«Это ж сколько понадобилось бы хворосту, чтоб обогреть зимой целый город! — подумал старик, оглядываясь назад, откуда доносился до него неясный рокот и шум. — Поди-ка один только дом натопи, в котором Борисова квартира. В нем сто квартир! А есть дома и побольше. Все кустарники срубили бы под корень, все леса свели бы. Так нет, вон что придумали — газ провели! Чик-чик — и сразу четыре конфорки, ставь четыре чугунка, да еще духовка! Ну и жись пошла! До всего додумались, до всего доперли своим умом. Вот газ кончится, еще что-нибудь изобретут, это уж точно».
Старик покачал головой и протянул руки к костру. Вот ведь как хорошо с огоньком! Он спросил себя, почему в своем огороде весной не разводил костра. «А потому что, — тотчас ответил сам себе, — по нашим местам и мелкая травка в дело шла, не то что сучок или тем более пенек. Каждый прут из вишенника, сухостой из малинника, даже старая крапива — рубили в снопики, а снопики в печь — для жару. Вот тебе весь газ; от таких дров угля в печи не останется: самовар разогреть нечем. Листья из вишенника, опилки и прочий мусор — тоже в дело: вместо навоза или вместе с навозом на гряды».

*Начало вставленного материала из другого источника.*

(* For every integer $n\ge2$ and every $m\in\{1,2,\dots,n-1\}$, the coefficient of $u^{m}v^{n+1-m}w^{n-1}$ in $P_{n/(n+1)}(u,v,w)$ (i.e. the coefficient at the lattice point $(m,n+1-m)$ of the Newton polygon) equals $4m$.
   Context: Markov polynomials. Let $x,y,z$ be indeterminates. Consider the set consisting of all rationals $\rho\in[0,1]$, each written in lowest terms $\rho=a/b$ with integers $a\ge 0$, $b\ge 1$, together with the formal symbol $1/0$. Define Laurent polynomials $M_\rho(x,y,z)$ recursively by $M_{1/0}=y$, $M_{0/1}=x$, $M_{1/1}=\frac{x^2+y^2}{z}$, and: whenever $a/b$, $c/d$ are in this set with $|ad-bc|=1$ and $(a+2c)/(b+2d)\in[0,1]$, then $M_{\frac{a+2c}{b+2d}}=\big(M_{c/d}^2+M_{\frac{a+c}{b+d}}^2\big)/M_{a/b}$. This determines $M_\rho$ for every rational $\rho\in[0,1]$. Numerator. For coprime $1\le a\le b$, $P_{a/b}(u,v,w)$ denotes the homogeneous polynomial of degree $a+b-1$ such that $M_{a/b}(x,y,z)=P_{a/b}(x^2,y^2,z^2)/(x^{a-1}y^{b-1}z^{a+b-1})$; its existence is known. *)

From HB Require Import structures.
From mathcomp Require Import all_boot all_order all_algebra.
From mathcomp Require Import fraction.
From mathcomp Require Import mpoly.
Set Implicit Arguments. Unset Strict Implicit. Unset Printing Implicit Defensive.
Import Order.TTheory GRing.Theory Num.Theory.
Local Open Scope ring_scope.

(* Polynomial ring Q[u,v,w] (also used as Q[x,y,z]); variables indexed 0,1,2. *)
Notation Pol := {mpoly rat[3]}.
(* Field of rational functions Q(x,y,z); it contains the Laurent polynomials. *)
Notation K := {fraction Pol}.

Definition toK (p : Pol) : K := @FracField.tofrac _ p.
Definition var (i : 'I_3) : K := toK 'X_i.
Definition Xv : K := var 0.
Definition Yv : K := var 1.
Definition Zv : K := var 2.

(* Index set: a rational a/b in [0,1] in lowest terms, encoded as the pair
   (a,b) with coprime a b and a <= b, or the formal symbol 1/0 = pair (1,0). *)
Definition farey_ok (a b : nat) : bool :=
  ((a == 1%N) && (b == 0%N)) || (coprime a b && (a <= b)%N).

Definition farey_adj (a b c d : nat) : bool :=
  (a * d == b * c + 1)%N || (b * c == a * d + 1)%N.

Definition markov_spec (M : nat -> nat -> K) : Prop :=
  [/\ M 1%N 0%N = Yv, M 0%N 1%N = Xv, M 1%N 1%N = (Xv ^+ 2 + Yv ^+ 2) / Zv &
   forall a b c d : nat, farey_ok a b -> farey_ok c d -> farey_adj a b c d ->
     (a + 2 * c <= b + 2 * d)%N ->
     M (a + 2 * c)%N (b + 2 * d)%N
       = (M c d ^+ 2 + M (a + c)%N (b + d)%N ^+ 2) / M a b].

Definition sq_subst (P : Pol) : Pol :=
  P \mPo [tuple 'X_0 ^+ 2; 'X_1 ^+ 2; 'X_2 ^+ 2].

Definition is_numerator (M : nat -> nat -> K) (a b : nat) (P : Pol) : Prop :=
  P \is (a + b - 1)%N.-homog /\
  M a b = toK (sq_subst P) / (Xv ^+ (a - 1) * Yv ^+ (b - 1) * Zv ^+ (a + b - 1)).

From HB Require Import structures.
From mathcomp Require Import all_boot all_order all_algebra.
From mathcomp Require Import fraction.
From mathcomp Require Import mpoly.
From mathcomp Require Import ring zify.
Set Implicit Arguments. Unset Strict Implicit. Unset Printing Implicit Defensive.
Import Order.TTheory GRing.Theory Num.Theory.
Local Open Scope ring_scope.

(* The Farey neighbours n/(n+1) and 1/1 give the exchange relation
   M_{(n+2)/(n+3)} = (M_{1/1}^2 + M_{(n+1)/(n+2)}^2) / M_{n/(n+1)}.
   Write M_{n/(n+1)} = q_n(x^2,y^2,z^2) x / (x y z^2)^n.  The linear recurrence
   q_{n+2} = (u+v)(u+v+w) q_{n+1} - u v w^2 q_n
   has the Cassini invariant q_{n+2} q_n - q_{n+1}^2 = (u+v)^2 v w (u v w^2)^n,
   and this invariant is exactly what turns the exchange relation into the linear
   recurrence; hence P_{n/(n+1)} = q_n.  Following the linear recurrence, q_n has
   degree n in w with leading coefficient u^n, and its coefficient of w^(n-1) is
   v^(n+1) + sum_{0<a<n} 4a u^a v^(n+1-a) + (3n-1) u^n v + n u^(n+1). *)

Lemma nat_ind2 (P : nat -> Prop) :
  P 0%N -> P 1%N -> (forall n, P n -> P n.+1 -> P n.+2) -> forall n, P n.
Proof.
move=> P0 P1 PS n; suff [] : P n /\ P n.+1 by [].
by elim: n => [|n [? ?]]; split=> //; apply: PS.
Qed.

Lemma mcoeffMX_if (n : nat) (R : nzRingType) (p : {mpoly R[n]}) m e :
  (p * 'X_[m])@_e = if (m <= e)%MM then p@_(e - m) else 0.
Proof.
case: ifP => [le_me | not_le_me]; first by rewrite -{1}(submK le_me) addmC mcoeffMX.
apply/eqP; rewrite mcoeff_eq0 (perm_mem (msuppMX _ _)).
by apply/mapP => -[m' _ em]; rewrite em lem_addr in not_le_me.
Qed.

Definition mnm3 (a b c : nat) : 'X_{1..3} := [multinom [tuple a; b; c]].

Lemma mnm3E a b c (i : 'I_3) : mnm3 a b c i = nth 0%N [:: a; b; c] i.
Proof. exact: mnm_nth. Qed.

Lemma mnm3_eta (m : 'X_{1..3}) : m = mnm3 (m ord0) (m (inord 1)) (m (inord 2)).
Proof.
by apply/mnmP => -[[|[|[|i]]] lt_i3] //; rewrite mnm3E /=; congr (m _); apply: val_inj;
  rewrite /= ?inordK.
Qed.

Lemma eq_mnm3 a b c a' b' c' :
  (mnm3 a b c == mnm3 a' b' c') = [&& a == a', b == b' & c == c'].
Proof. by rewrite -val_eqE /= -val_eqE /= !eqseq_cons andbT. Qed.

Lemma lem_mnm3 a b c a' b' c' :
  (mnm3 a b c <= mnm3 a' b' c')%MM = [&& (a <= a')%N, (b <= b')%N & (c <= c')%N].
Proof.
apply/mnm_lepP/and3P => [le_m | [le_a le_b le_c] [[|[|[|i]]] lt_i3]]; rewrite ?mnm3E //.
by split; [exact: (le_m ord0) | have := le_m (inord 1) | have := le_m (inord 2)];
  rewrite !mnm3E inordK.
Qed.

Lemma subm_mnm3 a b c a' b' c' :
  (mnm3 a' b' c' - mnm3 a b c)%MM = mnm3 (a' - a) (b' - b) (c' - c).
Proof. by apply/mnmP => -[[|[|[|i]]] lt_i3]; rewrite mnmBE !mnm3E. Qed.

Lemma mpolyX_mnm3 (R : nzRingType) a b c :
  'X_[mnm3 a b c] = 'X_0 ^+ a * 'X_1 ^+ b * 'X_2 ^+ c :> {mpoly R[3]}.
Proof.
rewrite mpolyXE_id !big_ord_recr big_ord0 /= mul1r !mnm3E /=.
by congr ('X_ _ ^+ _ * 'X_ _ ^+ _ * 'X_ _ ^+ _); apply: val_inj.
Qed.

Fixpoint markov_num (n : nat) : Pol :=
  match n with
  | 0 => 1
  | 1 => 'X_0 * 'X_2 + ('X_0 + 'X_1) ^+ 2
  | (k.+1 as k1).+1 => ('X_0 + 'X_1) * ('X_2 + 'X_0 + 'X_1) * markov_num k1
                       - 'X_0 * 'X_1 * 'X_2 ^+ 2 * markov_num k
  end.

Lemma markov_numSS n : markov_num n.+2 =
  ('X_0 + 'X_1) * ('X_2 + 'X_0 + 'X_1) * markov_num n.+1 - 'X_0 * 'X_1 * 'X_2 ^+ 2 * markov_num n.
Proof. by []. Qed.

Lemma markov_num0 : markov_num 0 = 'X_[mnm3 0 0 0].
Proof. by rewrite mpolyX_mnm3 !expr0 !mulr1. Qed.

Lemma markov_num1 : markov_num 1 =
  'X_[mnm3 1 0 1] + 'X_[mnm3 2 0 0] + 'X_[mnm3 1 1 0] *+ 2 + 'X_[mnm3 0 2 0].
Proof. by rewrite !mpolyX_mnm3 /=; ring. Qed.

Lemma mcoeff_markov_numSS n a b c : (markov_num n.+2)@_(mnm3 a b c) =
    (if (2 <= a)%N then (markov_num n.+1)@_(mnm3 (a - 2) b c) else 0)
  + (if (1 <= a)%N && (1 <= b)%N then (markov_num n.+1)@_(mnm3 (a - 1) (b - 1) c) else 0) *+ 2
  + (if (2 <= b)%N then (markov_num n.+1)@_(mnm3 a (b - 2) c) else 0)
  + (if (1 <= a)%N && (1 <= c)%N then (markov_num n.+1)@_(mnm3 (a - 1) b (c - 1)) else 0)
  + (if (1 <= b)%N && (1 <= c)%N then (markov_num n.+1)@_(mnm3 a (b - 1) (c - 1)) else 0)
  - (if [&& 1 <= a, 1 <= b & 2 <= c]%N
     then (markov_num n)@_(mnm3 (a - 1) (b - 1) (c - 2)) else 0).
Proof.
pose q1 := markov_num n.+1; pose q0 := markov_num n.
have -> : markov_num n.+2 = q1 * 'X_[mnm3 2 0 0] + (q1 * 'X_[mnm3 1 1 0]) *+ 2
    + q1 * 'X_[mnm3 0 2 0] + q1 * 'X_[mnm3 1 0 1] + q1 * 'X_[mnm3 0 1 1]
    - q0 * 'X_[mnm3 1 1 2].
  by rewrite markov_numSS -/q1 -/q0 !mpolyX_mnm3; ring.
rewrite !mcoeffB !mcoeffD ?mcoeffMn !mcoeffMX_if !lem_mnm3 !subm_mnm3 !leq0n !subn0.
by rewrite ?andbT.
Qed.

Definition subtop_coef (n a b : nat) : nat :=
  (if a + b != n.+1 then 0 else
   if a == 0 then 1 else if a < n then 4 * a else if a == n then 3 * n - 1
   else if a == n.+1 then n else 0)%N.

Ltac case_ifs :=
  repeat match goal with
  | |- context [if ?c then _ else _] => case: (boolP c) => ?; try (exfalso; lia)
  end.

Lemma if_natr (c : bool) (k : nat) : (if c then k%:R else 0 :> rat) = (if c then k else 0)%:R.
Proof. by case: c. Qed.

Ltac to_nat :=
  rewrite ?if_same ?if_natr ?mulr2n ?add0r ?addr0 -?natrD; apply/eqP; rewrite ?eqr_nat; apply/eqP.

Lemma mcoeff_markov_num_gt n a b c : (n < c)%N -> (markov_num n)@_(mnm3 a b c) = 0.
Proof.
elim/nat_ind2: n a b c => [||n IH0 IH1] a b c lt_nc.
- by rewrite markov_num0 mcoeffX eq_mnm3 [0%N == c]eq_sym eqn0Ngt lt_nc !andbF.
- rewrite markov_num1 !mulr2n !mcoeffD !mcoeffX !eq_mnm3 -[0 : rat]/(0%N%:R).
  to_nat; case_ifs; lia.
- by rewrite mcoeff_markov_numSS !IH1 ?IH0 ?if_same ?subrr ?addr0 //; lia.
Qed.

Lemma mcoeff_markov_num_top n a b :
  (markov_num n)@_(mnm3 a b n) = ((a == n) && (b == 0%N) : nat)%:R.
Proof.
elim/nat_ind2: n a b => [||n IH0 IH1] a b.
- by rewrite markov_num0 mcoeffX eq_mnm3 eqxx andbT eq_sym [0%N == b]eq_sym.
- by rewrite markov_num1 !mulr2n !mcoeffD !mcoeffX !eq_mnm3; to_nat; case_ifs; lia.
- rewrite mcoeff_markov_numSS !(@mcoeff_markov_num_gt n.+1 _ _ n.+2) //.
  rewrite !subSS !subn0 !IH1 !IH0; apply/eqP; rewrite subr_eq; apply/eqP.
  by to_nat; case_ifs; lia.
Qed.

Lemma markov_num_neq0 n : markov_num n != 0.
Proof.
apply/eqP => Q0; have := mcoeff_markov_num_top n n 0.
by rewrite Q0 mcoeff0 !eqxx => /eqP; rewrite eq_sym oner_eq0.
Qed.

Lemma mcoeff_markov_num_subtop n a b : (0 < n)%N ->
  (markov_num n)@_(mnm3 a b n.-1) = (subtop_coef n a b)%:R.
Proof.
elim/nat_ind2: n a b => [||n IH0 IH1] a b // _.
- by rewrite markov_num1 !mulr2n !mcoeffD !mcoeffX !eq_mnm3 /subtop_coef; to_nat; case_ifs; lia.
- rewrite -[n.+2.-1]/n.+1 mcoeff_markov_numSS !subSS !subn0 !subn1.
  rewrite !mcoeff_markov_num_top -[n]/n.+1.-1 !IH1 //=.
  rewrite [X in _ - X = _](_ : _ = if [&& 0 < a, 0 < b & 1 < n.+1]%N
                                  then (subtop_coef n a.-1 b.-1)%:R else 0); last first.
    by case: ifP => // /and3P[_ _ n_gt0]; rewrite IH0.
  apply/eqP; rewrite subr_eq; apply/eqP.
  by rewrite /subtop_coef; to_nat; case_ifs; lia.
Qed.

Lemma sq_subst_mnm3 a b c :
  sq_subst 'X_[mnm3 a b c] = 'X_[mnm3 (a * 2) (b * 2) (c * 2)].
Proof.
rewrite /sq_subst comp_mpolyX mpolyX_mnm3 !big_ord_recr big_ord0 /= mul1r.
by rewrite !(tnth_nth 0) !mnm3E /= -!exprM !(mulnC 2).
Qed.

Lemma mcoeff_sq_subst (p : Pol) a b c :
  (sq_subst p)@_(mnm3 (a * 2) (b * 2) (c * 2)) = p@_(mnm3 a b c).
Proof.
rewrite /sq_subst comp_mpolyEX {3}[p]mpolyE !raddf_sum /=.
apply: eq_bigr => m _; rewrite !mcoeffZ; congr (_ * _).
have := sq_subst_mnm3 (m ord0) (m (inord 1)) (m (inord 2)).
rewrite /sq_subst -mnm3_eta => ->.
by rewrite !mcoeffX !eq_mnm3 !eqn_mul2r -eq_mnm3 -mnm3_eta.
Qed.

Lemma sq_subst_inj : injective sq_subst.
Proof.
move=> p q eq_pq; apply/mpolyP => m.
by rewrite (mnm3_eta m) -(mcoeff_sq_subst p) -(mcoeff_sq_subst q) eq_pq.
Qed.

Definition sqK (p : Pol) : K := toK (sq_subst p).

Lemma sqK1 : sqK 1 = 1.
Proof. by rewrite /sqK /toK /sq_subst !rmorph1. Qed.

Lemma sqKD : {morph sqK : p q / p + q}.
Proof. by move=> p q; rewrite /sqK /toK /sq_subst !raddfD. Qed.

Lemma sqKB : {morph sqK : p q / p - q}.
Proof. by move=> p q; rewrite /sqK /toK /sq_subst !raddfB. Qed.

Lemma sqKM : {morph sqK : p q / p * q}.
Proof. by move=> p q; rewrite /sqK /toK /sq_subst !rmorphM. Qed.

Lemma sqKXn k : {morph sqK : p / p ^+ k}.
Proof. by move=> p; rewrite /sqK /toK /sq_subst !rmorphXn. Qed.

Lemma sqK_inj : injective sqK.
Proof. by move=> p q /eqP; rewrite tofrac_eq => /eqP /sq_subst_inj. Qed.

Lemma sqK_eq0 p : (sqK p == 0) = (p == 0).
Proof. by rewrite /sqK /toK tofrac_eq0 -(inj_eq sq_subst_inj) /sq_subst comp_mpoly0. Qed.

Lemma sqK_X (i : 'I_3) : sqK 'X_i = var i ^+ 2.
Proof.
rewrite /sqK /sq_subst comp_mpolyXU /var /toK -tofracXn.
by case: i => -[|[|[|i]]] lt_i3 //; congr (tofrac ('X_ _ ^+ 2)); apply: val_inj.
Qed.

Lemma var_neq0 i : var i != 0.
Proof.
rewrite /var /toK tofrac_eq0; apply/eqP => /(congr1 (mcoeff U_(i))).
by rewrite mcoeffXU mcoeff0 eqxx => /eqP; rewrite oner_eq0.
Qed.

Lemma markov_num_cassini n :
  markov_num n.+2 * markov_num n - markov_num n.+1 ^+ 2
  = ('X_0 + 'X_1) ^+ 2 * 'X_1 * 'X_2 * ('X_0 * 'X_1 * 'X_2 ^+ 2) ^+ n.
Proof.
elim: n => [|n IH]; first by rewrite /=; ring.
transitivity ('X_0 * 'X_1 * 'X_2 ^+ 2 *
  (markov_num n.+2 * markov_num n - markov_num n.+1 ^+ 2)); last by rewrite IH (exprS _ n); ring.
by rewrite markov_numSS [markov_num n.+2]markov_numSS; ring.
Qed.

Section ExchangeRelation.

Variables (F : fieldType) (x y z : F).
Hypotheses (nz_x : x != 0) (nz_y : y != 0) (nz_z : z != 0).

Lemma exchange_one_two :
  (x ^+ 2 + ((x ^+ 2 + y ^+ 2) / z) ^+ 2) / y
  = (x ^+ 2 * z ^+ 2 + (x ^+ 2 + y ^+ 2) ^+ 2) * x / (x * y * z ^+ 2).
Proof. by field; rewrite nz_x nz_y nz_z. Qed.

(* [e] stands for (x y z^2)^n and [q0], [q1], [q2] for three consecutive numerators. *)
Lemma exchange_of_cassini (e q0 q1 q2 : F) : e != 0 -> q0 != 0 ->
  q2 * q0 - q1 ^+ 2 = (x ^+ 2 + y ^+ 2) ^+ 2 * y ^+ 2 * z ^+ 2 * e ^+ 2 ->
  (((x ^+ 2 + y ^+ 2) / z) ^+ 2 + (q1 * x / (e * (x * y * z ^+ 2))) ^+ 2) / (q0 * x / e)
  = q2 * x / (e * (x * y * z ^+ 2) * (x * y * z ^+ 2)).
Proof.
move=> nz_e nz_q0 /eqP; rewrite subr_eq -(divfK nz_q0 (_ + _)) => /eqP /(mulIf nz_q0) ->.
by field; rewrite nz_x nz_y nz_z nz_e nz_q0.
Qed.

End ExchangeRelation.

Lemma farey_ok_n_Sn n : farey_ok n n.+1.
Proof. by rewrite /farey_ok coprimenS leqnSn orbT. Qed.

Lemma farey_adj_n_Sn n : farey_adj n n.+1 1 1.
Proof. by rewrite /farey_adj !muln1 !addn1 eqxx orbT. Qed.

Lemma markov_n_Sn (M : nat -> nat -> K) n : markov_spec M ->
  M n n.+1 = sqK (markov_num n) * Xv / (Xv * Yv * Zv ^+ 2) ^+ n.
Proof.
case=> M10 M01 M11 Mrec.
have [nzX nzY nzZ] : [/\ Xv != 0, Yv != 0 & Zv != 0] by split; apply: var_neq0.
suff [] : M n n.+1 = sqK (markov_num n) * Xv / (Xv * Yv * Zv ^+ 2) ^+ n /\
          M n.+1 n.+2 = sqK (markov_num n.+1) * Xv / (Xv * Yv * Zv ^+ 2) ^+ n.+1 by [].
elim: n => [|n [IH0 IH1]].
  rewrite M01 sqK1 expr0 mul1r divr1; split=> //.
  rewrite (Mrec 1 0 0 1)%N // M01 M11 M10 /= !(sqKD, sqKXn, sqKM) !sqK_X.
  by rewrite -/Xv -/Yv -/Zv expr1 (exchange_one_two nzX nzY nzZ).
split=> //.
have q0_neq0 : sqK (markov_num n) != 0 by rewrite sqK_eq0 markov_num_neq0.
have D2n : ((Xv * Yv * Zv ^+ 2) ^+ n) ^+ 2 = (Xv ^+ 2 * Yv ^+ 2 * Zv ^+ 2 ^+ 2) ^+ n.
  by rewrite exprAC; congr (_ ^+ n); rewrite exprMn exprMn.
have cassini : sqK (markov_num n.+2) * sqK (markov_num n) - sqK (markov_num n.+1) ^+ 2
    = (Xv ^+ 2 + Yv ^+ 2) ^+ 2 * Yv ^+ 2 * Zv ^+ 2 * ((Xv * Yv * Zv ^+ 2) ^+ n) ^+ 2.
  rewrite D2n -sqKXn -sqKM -sqKB markov_num_cassini.
  by rewrite !(sqKD, sqKXn, sqKM) !sqK_X.
have := Mrec n n.+1 1 1 (farey_ok_n_Sn n) isT (farey_adj_n_Sn n).
rewrite !muln1 !addn2 !addn1 => /(_ (leqnSn _)) ->.
rewrite IH0 IH1 M11 (exprSr _ n.+1) (exprSr _ n).
have nzD : (Xv * Yv * Zv ^+ 2) ^+ n != 0 :=
  expf_neq0 n (mulf_neq0 (mulf_neq0 nzX nzY) (expf_neq0 2 nzZ)).
exact: (exchange_of_cassini nzX nzY nzZ nzD q0_neq0 cassini).
Qed.

Lemma markov_numerator_n_Sn (M : nat -> nat -> K) n P : markov_spec M -> (0 < n)%N ->
  is_numerator M n n.+1 P -> P = markov_num n.
Proof.
case: n => [|k] // HM _ [_ MP]; apply: sqK_inj.
have [nzX nzY nzZ] : [/\ Xv != 0, Yv != 0 & Zv != 0] by split; apply: var_neq0.
have := markov_n_Sn k.+1 HM; rewrite MP -/(sqK P).
have -> : (k.+1 - 1 = k)%N by lia.
have -> : (k.+2 - 1 = k.+1)%N by lia.
have -> : (k.+1 + k.+2 - 1 = 2 * k.+1)%N by lia.
set E := Xv ^+ k * Yv ^+ k.+1 * Zv ^+ (2 * k.+1).
have nzE : E != 0 :=
  mulf_neq0 (mulf_neq0 (expf_neq0 k nzX) (expf_neq0 _ nzY)) (expf_neq0 _ nzZ).
have -> : (Xv * Yv * Zv ^+ 2) ^+ k.+1 = Xv * E.
  by rewrite /E exprMn exprMn exprM (exprS Xv k) !mulrA.
by rewrite (invfM Xv E) mulrA (mulfK nzX) => /(mulIf (invr_neq0 nzE)).
Qed.

Theorem theorem9p2 (M : nat -> nat -> K) (HM : markov_spec M)
  (n : nat) (Hn : (2 <= n)%N) (P : Pol) (HP : is_numerator M n n.+1 P)
  (m : nat) (Hm1 : (1 <= m)%N) (Hm2 : (m <= n - 1)%N) :
  P@_[multinom [tuple m; (n + 1 - m)%N; (n - 1)%N]] = (4 * m)%:R.
Proof.
have n_gt0 : (0 < n)%N by lia.
rewrite (markov_numerator_n_Sn HM n_gt0 HP) -/(mnm3 _ _ _) subn1.
rewrite mcoeff_markov_num_subtop // /subtop_coef.
by congr _%:R; case_ifs; lia.
Qed.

Ох, и цепкие были заросли в вишеннике! Не то что этот валежник. Вырубишь старый ствол и никак его не вытянешь. Мертвое изо всех сил цеплялось за живое. Крепкое дерево вишня. Живучее. Вот уж стоит совсем сухой ствол, середка наполовину сгнила, не цветет, не плодоносит, черный весь, и, глядишь, зеленеет на нем одна только веточка где-нибудь внизу. Всего одна веточка. Старый ствол гнал для нее живительную влагу из земли, а она в свою очередь давала жизнь усталым, ослабевающим корням. Так могло быть и год, и два. И попробуй вырубить — топор не берет. Стоит дерево до последней возможности, корявое, жилистое, крепкое.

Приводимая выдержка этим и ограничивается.